Tasmia Rubab

Personal information
- Born: 20 December 2002 (age 23) Multan, Punjab, Pakistan
- Batting: Right handed
- Bowling: Left-arm medium-fast
- Role: Bowler

International information
- National side: Pakistan;
- Only ODI (cap 94): 1 March 2026 v South Africa
- T20I debut (cap 56): 18 September 2024 v South Africa
- Last T20I: 16 February 2026 v South Africa
- T20I shirt no.: 10

Domestic team information
- 2023–present: Multan

Career statistics
| Competition | WLA | WT20 |
| Matches | 10 | 13 |
| Runs scored | 94 | 11 |
| Batting average | 11.75 | 2.75 |
| 100s/50s | 0/0 | 0/0 |
| Top score | 26* | 10 |
| Balls bowled | 360 | 228 |
| Wickets | 12 | 5 |
| Bowling average | 16.00 | 51.40 |
| 5 wickets in innings | 0 | 0 |
| 10 wickets in match | 0 | 0 |
| Best bowling | 2/14 | 2/17 |
| Catches/stumpings | 5/– | 2/– |
- Source: CricketArchive, 30 September 2024

= Tasmia Rubab =

Pakistani cricketer (born 2002)

Tasmia Rubab (born 20 December 2002) is a Pakistani cricketer who plays for Pakistan women's cricket team as a left-arm medium-fast bowler and right hand batter. She has also played domestic cricket for Multan.

==Career==
In October 2023, she was named in Pakistan's A squad for the one-day series against West Indies A and for T20 Tri-series against West Indies A and Thailand A.

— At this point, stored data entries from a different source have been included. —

(* Let $(\xi_j)_{j\ge 0}$ be independent, identically distributed random variables taking values in $\{-1,0,1\}$ with $\max_{x\in\{-1,0,1\}} \mathbb{P}(\xi_0 = x) < \frac{1}{\sqrt{3}}$, and for $n\ge 1$ let $P(z):=\sum_{j=0}^n \xi_j z^j$. For every algebraic integer $\alpha\neq 0$, \[\mathbb{P}(\alpha\text{ is a root of } P)\le \exp\left(-\frac{n\log 3}{2\lceil \log 3 /|\log|\alpha||\rceil}\right).\]
   Context: When $|\alpha|=1$ the right-hand side is interpreted as $1$ (the ceiling being infinite). *)

From HB Require Import structures.
From mathcomp Require Import all_boot all_order all_algebra.
From mathcomp Require Import reals sequences exp.
From mathcomp.real_closed Require Import complex.
Set Implicit Arguments. Unset Strict Implicit. Unset Printing Implicit Defensive.
Import Order.TTheory GRing.Theory Num.Theory.
Local Open Scope ring_scope.

Definition is_alg_int (R : realType) (a : R[i]) : Prop :=
  exists p : {poly int}, p \is monic /\ root (map_poly (fun z : int => z%:~R) p) a.

Definition cmod (R : realType) (a : R[i]) : R :=
  Num.sqrt (complex.Re a ^+ 2 + complex.Im a ^+ 2).

Definition val3 (k : 'I_3) : int := (k%:Z - 1)%R.

Definition evalP (R : realType) (n : nat) (xi : {ffun 'I_n.+1 -> 'I_3}) (a : R[i]) : R[i] :=
  \sum_(j < n.+1) (val3 (xi j))%:~R * a ^+ j.

(* Probability that a is a root of P, when xi_0..xi_n are i.i.d. with law p on
   {-1,0,1} (p k = P(xi_0 = val3 k)): the joint law is the product law. *)
Definition prob_root (R : realType) (p : 'I_3 -> R) (n : nat) (a : R[i]) : R :=
  \sum_(xi : {ffun 'I_n.+1 -> 'I_3} | evalP xi a == 0) \prod_(j < n.+1) p (xi j).

(* Right-hand side exp(- n log 3 / (2 ceil(log 3 / |log|a||))), read as 1 when |a| = 1. *)
Definition rhs_bound (R : realType) (n : nat) (a : R[i]) : R :=
  if cmod a == 1 then 1
  else expR (- (n%:R * ln (3 : R)) /
             (2 * (Num.ceil (ln (3 : R) / `|ln (cmod a)|))%:~R)).

(* Put k := ceil(log 3 / |log |a||), so that |a^k| >= 3 or |a^k| <= 1/3.
   If two outcomes are both roots and agree off the positions 0, k, 2k, ...,
   their difference is a polynomial in a^k with coefficients in [-2, 2]
   vanishing at a^k; an extreme coefficient would dominate all the others, so
   the polynomial is zero.  Hence the event "a is a root" is determined by the
   coordinates off these n %/ k + 1 positions, and each of them costs a factor
   max_x P(xi_0 = x) < 1/sqrt 3. *)

From HB Require Import structures.
From mathcomp Require Import all_boot all_order all_algebra.
From mathcomp Require Import reals sequences exp.
From mathcomp.real_closed Require Import complex.
From mathcomp Require Import lra zify.
Import Order.TTheory GRing.Theory Num.Theory.
Local Open Scope ring_scope.
Local Open Scope complex_scope.

Section ComplexModulus.
Variable R : realType.
Implicit Types x y : R[i].

Lemma normcE x : `|x| = (cmod x)%:C.
Proof. by rewrite normc_def. Qed.

Lemma cmod_ge0 x : 0 <= cmod x.
Proof. exact: sqrtr_ge0. Qed.

Lemma cmod_eq0 x : (cmod x == 0) = (x == 0).
Proof. by rewrite -(inj_eq (@complexI R)) -normcE normr_eq0. Qed.

Lemma cmod_gt0 x : (0 < cmod x) = (x != 0).
Proof. by rewrite lt_def cmod_eq0 cmod_ge0 andbT. Qed.

Lemma cmodN x : cmod (- x) = cmod x.
Proof. by apply: (@complexI R); rewrite -!normcE normrN. Qed.

Lemma cmodM x y : cmod (x * y) = cmod x * cmod y.
Proof. by apply: (@complexI R); rewrite -normcE normrM !normcE rmorphM. Qed.

Lemma cmodX x m : cmod (x ^+ m) = cmod x ^+ m.
Proof. by apply: (@complexI R); rewrite -normcE normrX normcE rmorphXn. Qed.

Lemma cmodV x : cmod x^-1 = (cmod x)^-1.
Proof. by apply: (@complexI R); rewrite -normcE normfV normcE fmorphV. Qed.

Lemma cmod_int (z : int) : cmod (z%:~R : R[i]) = `|z|%:~R.
Proof. by apply: (@complexI R); rewrite -normcE -intr_norm rmorph_int. Qed.

Lemma cmod_sum (I : finType) (F : I -> R[i]) :
  cmod (\sum_i F i) <= \sum_i cmod (F i).
Proof.
rewrite -lecR -normcE rmorph_sum; apply: le_trans (ler_norm_sum _ _ _) _.
by apply: ler_sum => i _; rewrite normcE.
Qed.

End ComplexModulus.

Section SmallDigits.
Variable R : realType.
Implicit Types (b : R[i]) (x : R).

Lemma cmod_digits_le m (d : 'I_m -> int) b : (forall i, `|d i| <= 2) ->
  cmod (\sum_(i < m) (d i)%:~R * b ^+ i) <= 2 * \sum_(i < m) cmod b ^+ i.
Proof.
move=> hd; apply: le_trans (cmod_sum _ _ (fun i => (d i)%:~R * b ^+ i)) _.
rewrite mulr_sumr.
apply: ler_sum => i _; rewrite cmodM cmodX cmod_int.
by apply: ler_wpM2r; [exact/exprn_ge0/cmod_ge0 | rewrite -[2 : R]/(2%:~R : R) ler_int].
Qed.

Lemma geom_sum_le x m : 3 <= x -> 2 * \sum_(i < m) x ^+ i <= x ^+ m - 1.
Proof.
move=> hx; elim: m => [|m IH]; first by rewrite big_ord0 expr0; lra.
have : 1 <= x ^+ m by apply: exprn_ege1; lra.
rewrite big_ord_recr exprS /=; nra.
Qed.

(* With digits in [-2, 2], the leading term dominates once [3 <= |b|]. *)
Lemma digits_eq0_large m (d : 'I_m -> int) b :
  (forall i, `|d i| <= 2) -> 3 <= cmod b ->
  \sum_(i < m) (d i)%:~R * b ^+ i = 0 -> forall i, d i = 0.
Proof.
elim: m d => [|m IH] d hd hb; first by move=> _ [].
rewrite big_ord_recr /= => hs.
set low := \sum_(i < m) _ in hs.
have dm0 : d ord_max = 0.
  apply/eqP/negPn/negP => dm_neq0.
  have lead_ge : cmod b ^+ m <= cmod ((d ord_max)%:~R * b ^+ m).
    rewrite cmodM cmod_int cmodX ler_peMl ?exprn_ge0 ?cmod_ge0 //.
    by rewrite ler1z -gtz0_ge1 normr_gt0.
  have low_le := cmod_digits_le _ (fun i => d (widen_ord (leqnSn m) i)) b (fun i => hd _).
  have := geom_sum_le _ m hb.
  move/eqP: hs; rewrite addr_eq0 => /eqP lead_eq; rewrite -/low lead_eq cmodN in low_le.
  lra.
move: hs; rewrite dm0 mul0r addr0 => /(IH _ (fun i => hd _) hb) low0 i.
case: (unliftP ord_max i) => [j ->|->//].
by rewrite -(low0 j); congr d; apply: val_inj; exact: lift_max.
Qed.

Lemma digits_eq0 m (d : 'I_m -> int) b :
  (forall i, `|d i| <= 2) -> b != 0 -> 3 <= cmod b \/ 3 * cmod b <= 1 ->
  \sum_(i < m) (d i)%:~R * b ^+ i = 0 -> forall i, d i = 0.
Proof.
move=> hd b0 [hb|hb]; first exact: digits_eq0_large.
(* Reversing the digits trades [b] for [b^-1], whose modulus is at least 3. *)
move=> hs i; rewrite -(rev_ordK i).
have hbV : 3 <= cmod b^-1 by rewrite cmodV -div1r ler_pdivlMr ?cmod_gt0.
have hsV : \sum_(j < m) (d (rev_ord j))%:~R * b^-1 ^+ j = 0.
  apply: (mulIf (expf_neq0 m.-1 b0)); rewrite mul0r -[RHS]hs mulr_suml.
  rewrite [RHS](reindex_inj rev_ord_inj); apply: eq_bigr => j _ /=.
  rewrite -mulrA; congr (_ * _).
  have -> : m.-1 = (j + (m - j.+1))%N by have := ltn_ord j; lia.
  by rewrite exprD mulrA -exprMn mulVf ?expr1n ?mul1r.
exact: (digits_eq0_large _ _ _ (fun j => hd _) hbV hsV (rev_ord i)).
Qed.

End SmallDigits.

Section ProductMass.
Variables (R : numDomainType) (I T : finType) (t0 : T).
Variables (w : I -> T -> R) (c : R) (S : {set I}).
Hypothesis w_ge0 : forall i t, 0 <= w i t.
Hypothesis c_ge0 : 0 <= c.
Hypothesis w_leS : forall i t, i \in S -> w i t <= c.
Hypothesis w_sum_le1 : forall i, i \notin S -> \sum_t w i t <= 1.

(* Freezing the coordinates in [S] at [t0] costs at most a factor [c] per
   coordinate, and is injective on a set determined by its values off [S]. *)
Lemma mass_determined_offS_le (A : {set {ffun I -> T}}) :
  {in A &, forall f g : {ffun I -> T}, (forall i, i \notin S -> f i = g i) -> f = g} ->
  \sum_(f in A) \prod_i w i (f i) <= c ^+ #|S|.
Proof.
move=> detA.
pose freeze (f : {ffun I -> T}) : {ffun I -> T} := [ffun i => if i \in S then t0 else f i].
pose w' i t := if i \in S then (t == t0)%:R else w i t.
have w'_ge0 i t : 0 <= w' i t by rewrite /w'; case: ifP.
have freeze_le (f : {ffun I -> T}) : \prod_i w i (f i) <= c ^+ #|S| * \prod_i w' i (freeze f i).
  rewrite (bigID (mem S)) [X in _ * X](bigID (mem S)) /=.
  rewrite [X in _ * (X * _)]big1 => [|i iS]; last by rewrite /w' /freeze ffunE iS eqxx.
  rewrite mul1r [X in _ <= _ * X](eq_bigr (fun i => w i (f i))) => [|i /negbTE iNS].
    apply: ler_wpM2r; first exact: prodr_ge0.
    by rewrite -prodr_const; apply: ler_prod => i iS; rewrite w_ge0 w_leS.
  by rewrite /w' /freeze ffunE iNS.
have freeze_inj : {in A &, injective freeze}.
  move=> f g fA gA /ffunP eq_fg; apply: detA => // i /negbTE iNS.
  by have := eq_fg i; rewrite !ffunE iNS.
apply: (le_trans (ler_sum _ (fun f _ => freeze_le f))).
rewrite -mulr_sumr -[X in _ <= X]mulr1; apply: ler_wpM2l; first exact: exprn_ge0.
rewrite -(big_imset (fun g : {ffun I -> T} => \prod_i w' i (g i)) freeze_inj) /=.
apply: (@le_trans _ _ (\sum_(g : {ffun I -> T}) \prod_i w' i (g i))).
  rewrite [X in _ <= X](bigID (mem (freeze @: A))) /= lerDl.
  by apply: sumr_ge0 => g _; exact: prodr_ge0.
rewrite -bigA_distr_bigA /=; apply: prodr_ile1 => i _.
apply/andP; split; first by apply: sumr_ge0 => j _; exact: w'_ge0.
rewrite /w'; have [_|/w_sum_le1 //] := boolP (i \in S).
by rewrite (bigD1 t0) //= eqxx big1 ?addr0 // => t /negbTE ->.
Qed.

End ProductMass.

Definition progression n k : {set 'I_n.+1} :=
  [set inord (i * k)%N | i : 'I_(n %/ k).+1 in setT].

Lemma progression_val n k (i : 'I_(n %/ k).+1) : (0 < k)%N ->
  (inord (i * k)%N : 'I_n.+1) = (i * k)%N :> nat.
Proof.
move=> k_gt0; rewrite inordK // ltnS.
by apply: leq_trans (leq_divM n k); rewrite leq_mul2r -ltnS ltn_ord orbT.
Qed.

Lemma progression_inj n k : (0 < k)%N ->
  injective (fun i : 'I_(n %/ k).+1 => inord (i * k)%N : 'I_n.+1).
Proof.
move=> k_gt0 i j /(congr1 val); rewrite /= !progression_val // => /eqP.
by rewrite eqn_pmul2r // => /eqP /val_inj.
Qed.

Lemma card_progression n k : (0 < k)%N -> #|progression n k| = (n %/ k).+1.
Proof. by move=> k_gt0; rewrite card_imset ?cardsT ?card_ord //; exact: progression_inj. Qed.

Lemma val3_inj : injective val3.
Proof. by move=> x y /addIr [] /val_inj. Qed.

Lemma val3_subr_le2 (x y : 'I_3) : `|val3 x - val3 y| <= 2.
Proof. by case: x => [[|[|[|//]]] ?]; case: y => [[|[|[|//]]] ?]. Qed.

Lemma evalP_determined_off_progression (R : realType) n k (a : R[i]) :
  (0 < k)%N -> a != 0 -> 3 <= cmod a ^+ k \/ 3 * cmod a ^+ k <= 1 ->
  {in [set xi | evalP xi a == 0] &, forall f g : {ffun 'I_n.+1 -> 'I_3},
     (forall i, i \notin progression n k -> f i = g i) -> f = g}.
Proof.
move=> k_gt0 a0 ak_sep f g; rewrite !inE => /eqP f_root /eqP g_root agree.
pose D j := val3 (f j) - val3 (g j).
have D_sum : \sum_(i < (n %/ k).+1) (D (inord (i * k)%N))%:~R * (a ^+ k) ^+ i = 0.
  have : evalP f a - evalP g a = 0 by rewrite f_root g_root subrr.
  rewrite /evalP -sumrB (bigID (mem (progression n k))) /=.
  rewrite [X in _ + X]big1 => [|j /agree ->]; last by rewrite subrr.
  rewrite addr0 big_imset /=; last by move=> i j _ _; exact: progression_inj.
  move=> sum0; rewrite -[RHS]sum0; apply: eq_big => [i|i _]; first by rewrite inE.
  by rewrite /D intrB mulrBl progression_val // mulnC exprM.
rewrite -cmodX in ak_sep.
have D0 := @digits_eq0 _ _ _ _ (fun i => val3_subr_le2 _ _) (expf_neq0 k a0) ak_sep D_sum.
apply/ffunP => j; have [/imsetP [i _ ->]|/agree //] := boolP (j \in progression n k).
by apply/val3_inj/eqP; rewrite -subr_eq0 D0.
Qed.

Section RootProbability.
Variables (R : realType) (p : 'I_3 -> R).
Hypothesis p_ge0 : forall k, 0 <= p k.
Hypothesis p_sum1 : \sum_(k < 3) p k = 1.

Lemma prob_root_le_determined n (a : R[i]) (S : {set 'I_n.+1}) c :
  0 <= c -> (forall k, p k <= c) ->
  {in [set xi | evalP xi a == 0] &, forall f g : {ffun 'I_n.+1 -> 'I_3},
     (forall i, i \notin S -> f i = g i) -> f = g} ->
  prob_root p n a <= c ^+ #|S|.
Proof.
move=> c_ge0 p_le detA; rewrite /prob_root -big_set /=.
apply: (@mass_determined_offS_le _ _ _ ord0 (fun _ => p)) => //.
by move=> i _; rewrite p_sum1.
Qed.

Lemma prob_root_le1 n (a : R[i]) : prob_root p n a <= 1.
Proof.
rewrite -(expr1n _ #|@set0 'I_n.+1|); apply: prob_root_le_determined => //.
  by move=> k; rewrite -p_sum1 (bigD1 k) //= lerDl sumr_ge0.
by move=> f g _ _ eq_fg; apply/ffunP => i; rewrite eq_fg ?in_set0.
Qed.

End RootProbability.

Section ExponentialBounds.
Variable R : realType.

Lemma pow_sep_of_ln (x : R) k : 0 < x -> ln 3 <= k%:R * `|ln x| ->
  3 <= x ^+ k \/ 3 * x ^+ k <= 1.
Proof.
move=> x_gt0 hk.
have -> : x ^+ k = expR (k%:R * ln x) by rewrite expRM_natl lnK ?posrE.
have -> : 3 = expR (ln 3) :> R by rewrite lnK ?posrE.
have [lnx_ge0|lnx_lt0] := lerP 0 (ln x).
  by left; rewrite ler_expR -(ger0_norm lnx_ge0).
right; rewrite -expRD -[X in _ <= X]expR0 ler_expR.
by move: hk; rewrite ltr0_norm // mulrN; lra.
Qed.

Lemma inv_sqrt3E : 1 / Num.sqrt 3 = expR (- ln 3 / 2) :> R.
Proof.
have inv_ge0 : 0 <= 1 / Num.sqrt 3 :> R by rewrite divr_ge0 ?sqrtr_ge0.
apply/eqP; rewrite -(@eqrXn2 _ 2 _ _ isT inv_ge0 (expR_ge0 _)).
rewrite -expRM_natl expr_div_n expr1n sqr_sqrtr // [2 * _]mulrC divfK ?pnatr_eq0 //.
by rewrite expRN lnK ?posrE // div1r.
Qed.

Lemma inv_sqrt3_pow_le n m k : (0 < k)%N -> (n <= m * k)%N ->
  (1 / Num.sqrt 3) ^+ m <= expR (- (n%:R * ln 3) / (2 * k%:R)) :> R.
Proof.
move=> k_gt0 n_le; rewrite inv_sqrt3E -expRM_natl ler_expR.
have ln3_gt0 : 0 < ln 3 :> R by rewrite ln_gt0 // (ltr_nat R 1 3).
have k_gt0R : 0 < k%:R :> R by rewrite ltr0n.
have : n%:R <= m%:R * k%:R :> R by rewrite -natrM ler_nat.
rewrite ler_pdivlMr ?mulr_gt0 //; nra.
Qed.

End ExponentialBounds.

Theorem lemma1p5 (R : realType) (p : 'I_3 -> R)
  (p_ge0 : forall k, 0 <= p k)
  (p_sum1 : \sum_(k < 3) p k = 1)
  (p_max : forall k, p k < 1 / Num.sqrt 3)
  (n : nat) (hn : (1 <= n)%N)
  (a : R[i]) (ha_int : is_alg_int a) (ha0 : a != 0) :
  prob_root p n a <= rhs_bound n a.
Proof.
rewrite /rhs_bound; case: eqP => [_|a_neq1]; first exact: prob_root_le1.
have a_gt0 : 0 < cmod a by rewrite cmod_gt0.
have lna_gt0 : 0 < `|ln (cmod a)| by rewrite normr_gt0 ln_eq0 //; apply/eqP.
set y := ln 3 / `|ln (cmod a)|.
have y_gt0 : 0 < y by rewrite divr_gt0 // ln_gt0 // (ltr_nat R 1 3).
have ceil_y_gt0 : 0 < Num.ceil y by rewrite ceil_gt0.
set k := `|Num.ceil y|%N.
have k_gt0 : (0 < k)%N by rewrite absz_gt0 gt_eqF.
have kE : (Num.ceil y)%:~R = k%:R :> R by rewrite -[in LHS](gez0_abs (ltW ceil_y_gt0)).
have y_le_k : y <= k%:R by rewrite -kE ceil_ge.
rewrite kE; apply: (le_trans _ (inv_sqrt3_pow_le R n _ k k_gt0 (ltnW (ltn_ceil n k_gt0)))).
rewrite -(card_progression n _ k_gt0).
apply: prob_root_le_determined => //.
- by rewrite divr_ge0 ?sqrtr_ge0.
- by move=> j; exact: ltW.
apply: evalP_determined_off_progression k_gt0 ha0 _.
apply: pow_sep_of_ln a_gt0 _.
by rewrite -ler_pdivrMr.
Qed.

In June 2024, she was picked to T20I squad for the 2024 Women's Twenty20 Asia Cup. In August 2024, she was selected to the Pakistan's national squad for the 2024 ICC Women's T20 World Cup and for the T20I series against South Africa. She made her Twenty20 International (T20I) debut against South Africa on 18 September 2024.

She was named in the Pakistan squad for the 2024 ICC Women's T20 World Cup.